Como ya vimos en la anterior entrega, los nombres de los colores no se corresponden de unas lenguas a otras o, incluso, pueden variar históricamente dentro de un mismo idioma. Según algunos estudios antropológicos, las sociedades más pequeñas tienden a tener menos palabras para nombrar colores que las sociedades más complejas.

Algunos idiomas tienen palabras propias solo para blanco y negro como términos que distinguen el grado de luminosidad o brillo. Y otras sociedades más desarrolladas tienden a hacer distinciones más amplias en los nombres de los colores según las necesidades culturales asociadas al uso de pigmentos y tintes más diferenciados.

La visión de los colores, como cualquier otra peculiaridad perceptiva, está claramente relacionada con las formas de vida de las personas y condicionada, por lo tanto, por su realidad sociohistórica. Los nombres de los colores están determinados por esa misma realidad y, a su vez, íntimamente relacionados con la forma en que son percibidos. Según diversos estudios psicológicos, la clasificación de los colores depende del sistema lingüístico y éste, a su vez, influye en la percepción de los colores.

Y claramente existe una limitación en cuanto a los nombres disponibles en los distintos idiomas. Por ejemplo, aunque el ojo humano es capaz de diferenciar muchos miles de colores diferentes, el vocabulario habitual apenas puede alcanzar el medio centenar de nombres distintos.

Lo que resulta más llamativo es que ni en español, ni en inglés, ni en otras lenguas europeas existe un nombre comúnmente aceptado para los colores existentes entre el amarillo y el verde y entre el verde y el azul. A pesar de que, como se puede comprobar en el siguiente diagrama de la Comisión Internacional de Iluminación (CIE), hay un amplio espacio entre el amarillo y el verde que aparece indicado como: amarillo verdoso, verde-amarillo y verde amarillento. También es muy amplio el espacio de colores entre el verde y el azul, con los siguientes indicativos: verde azulado y azul verdoso.


Por otra parte, es difícil la consistencia en la percepción y memorización de los colores. El artista y profesor Josef Albers nos cuenta en una de sus más difundidas obras, La interacción del color, que si hablamos del color rojo ante cincuenta personas, se producirá un rojo diferente en la imaginación de cada una de esas cincuenta personas.

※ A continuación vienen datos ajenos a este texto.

(* Countable compactness in interval form: the least p lying above
   infinitely many terms is a cluster point of the sequence, since every
   a < p lies below all but finitely many terms. *)
Lemma sequence_interval_cluster (xs : nat -> T) :
  exists p, forall a c, lbound lt a p -> ubound lt c p ->
    forall N, exists k, N <= k /\ lbound lt a (xs k) /\ ubound lt c (xs k).
Proof.
  destruct (sequence_bounded xs) as [b Hb].
  destruct (least_element lt ord_wf
              (fun p => forall N, exists k, N <= k /\ ~ lt p (xs k)))
    as [p [Hp Hmin]].
  { exists b. intro N. exists N. split; [lia|].
    intro H. exact (ord_irrefl b (ord_trans _ _ _ H (Hb N))). }
  assert (Heventually : forall a, lbound lt a p ->
            exists N, forall k, N <= k -> lbound lt a (xs k)).
  { intros [a|] Ha; [|exists 0; intros; exact I]. simpl in *.
    apply NNPP; intro Hn. apply (Hmin a Ha). intro N.
    apply NNPP; intro HN. apply Hn. exists N. intros k Hk.
    apply NNPP; intro Hak. apply HN. exists k. auto. }
  exists p. intros a c Ha Hc N.
  destruct (Heventually a Ha) as [N' HN'].
  destruct (Hp (max N N')) as [k [Hk Hkp]].
  exists k. split; [lia|]. split; [apply HN'; lia|].
  destruct c as [c|]; simpl in *; [|exact I].
  destruct (ord_total (xs k) p) as [H | [H | H]];
    [exact (ord_trans _ _ _ H Hc) | rewrite H; exact Hc | contradiction].
Qed.

Lemma omega1_countably_compact (xs : nat -> T) :
  exists p, cluster_point (sub_open (order_open lt) (fun _ : T => True)) xs p.
Proof.
  destruct (sequence_interval_cluster xs) as [p Hp]. exists p.
  intros V [U [HU HV]] Vp N.
  destruct (proj1 (HV p) Vp) as [Up _].
  destruct (HU p Up) as (a & c & Ha & Hc & Hinterval).
  destruct (Hp a c Ha Hc N) as [k [Hk [Hka Hkc]]].
  exists k. split; [exact Hk|]. apply HV. split; [exact (Hinterval _ Hka Hkc) | exact I].
Qed.

Lemma omega1_set_strongly_star_Hurewicz :
  set_strongly_star_Hurewicz (order_open lt) (fun _ : T => True).
Proof.
  intros S _ [x0 Sx0] Us Hopen Hcov.
  set (closure := sub_closure (order_open lt) (fun _ : T => True) S).
  assert (Hclosure : forall x, S x -> closure x).
  { intros x Sx. split; [exact I|]. intros V _ Vx. exists x. auto. }
  assert (Hstage : forall n, exists l, (forall y, In y l -> closure y) /\
                     forall x, closure x -> star (fun y => In y l) (Us n) x).
  { intro n.
    apply (countably_compact_strongly_starcompact
             (sub_open (order_open lt) (fun _ : T => True)) closure (Us n) x0).
    - exact (Hclosure x0 Sx0).
    - intros xs Hxs. destruct (omega1_countably_compact xs) as [p Hp].
      exists p. split; [|exact Hp].
      exact (cluster_point_in_closure _ _ S xs p I Hxs Hp).
    - exact (Hopen n).
    - exact (Hcov n). }
  destruct (choice _ Hstage) as [L HL].
  exists (fun n y => In y (L n)). split; [|split].
  - intro n. exists (L n). tauto.
  - intros n x Hx. exact (proj1 (HL n) x Hx).
  - intros x Sx. exists 0. intros n _. exact (proj2 (HL n) x (Hclosure x Sx)).
Qed.

Lemma Y_unbounded b : exists y, Y_succ_limits lt y /\ lt b y.
Proof.
  destruct (limit_above b) as [g [Hg Hbg]].
  destruct (successor_exists g) as [y Hy].
  exists y. split; [exists g; auto | exact (ord_trans _ _ _ Hbg (proj1 Hy))].
Qed.

(* Every point a+1 of Y is isolated: {a+1} = (a, a+2) meets nothing else. *)
Lemma Y_point_isolated y :
  Y_succ_limits lt y -> sub_open (order_open lt) (Y_succ_limits lt) (fun x => x = y).
Proof.
  intro HY. pose proof HY as [a [_ [Hay Hgap]]].
  destruct (successor_exists y) as [s [Hys Hgap']].
  exists (fun x => lt a x /\ lt x s). split.
  - intros x [Hax Hxs]. exists (Some a), (Some s). simpl. auto.
  - intro x. split.
    + intros ->. auto.
    + intros [[Hax Hxs] _].
      destruct (ord_total x y) as [H | [H | H]]; [exfalso | exact H | exfalso].
      * apply Hgap. exists x. auto.
      * apply Hgap'. exists x. auto.
Qed.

Y añade: “Incluso si especificamos un color determinado que todos nuestros oyentes hayan visto innumerables veces, como el rojo de los anuncios de la Coca-Cola (…), seguirán pensando en muchos rojos diferentes. Incluso si todos los oyentes tienen delante de sí centenares de rojos para de ellos entresacar el de la Coca-Cola, de nuevo elegirán colores muy diferentes. Y ninguno podrá estar seguro de haber encontrado el matiz de rojo exacto. E incluso si mostramos el redondel rojo de la Coca-Cola con el nombre en blanco en medio, de modo que todo el mundo fije la vista en el mismo rojo, cada uno recibirá la misma proyección en su retina, pero nadie podrá estar seguro de que todos tengan la misma percepción”.

En definitiva, difícilmente podríamos aceptar la existencia de unas leyes inalterables sobre la percepción del color, basadas únicamente en la fisiología de la visión. Son las condiciones históricas de cada sociedad las que determinan cómo vemos –y cómo nombramos– los colores. Y es durante la etapa escolar cuando se fijan las claves finales que regulan la denominación y la percepción de los colores.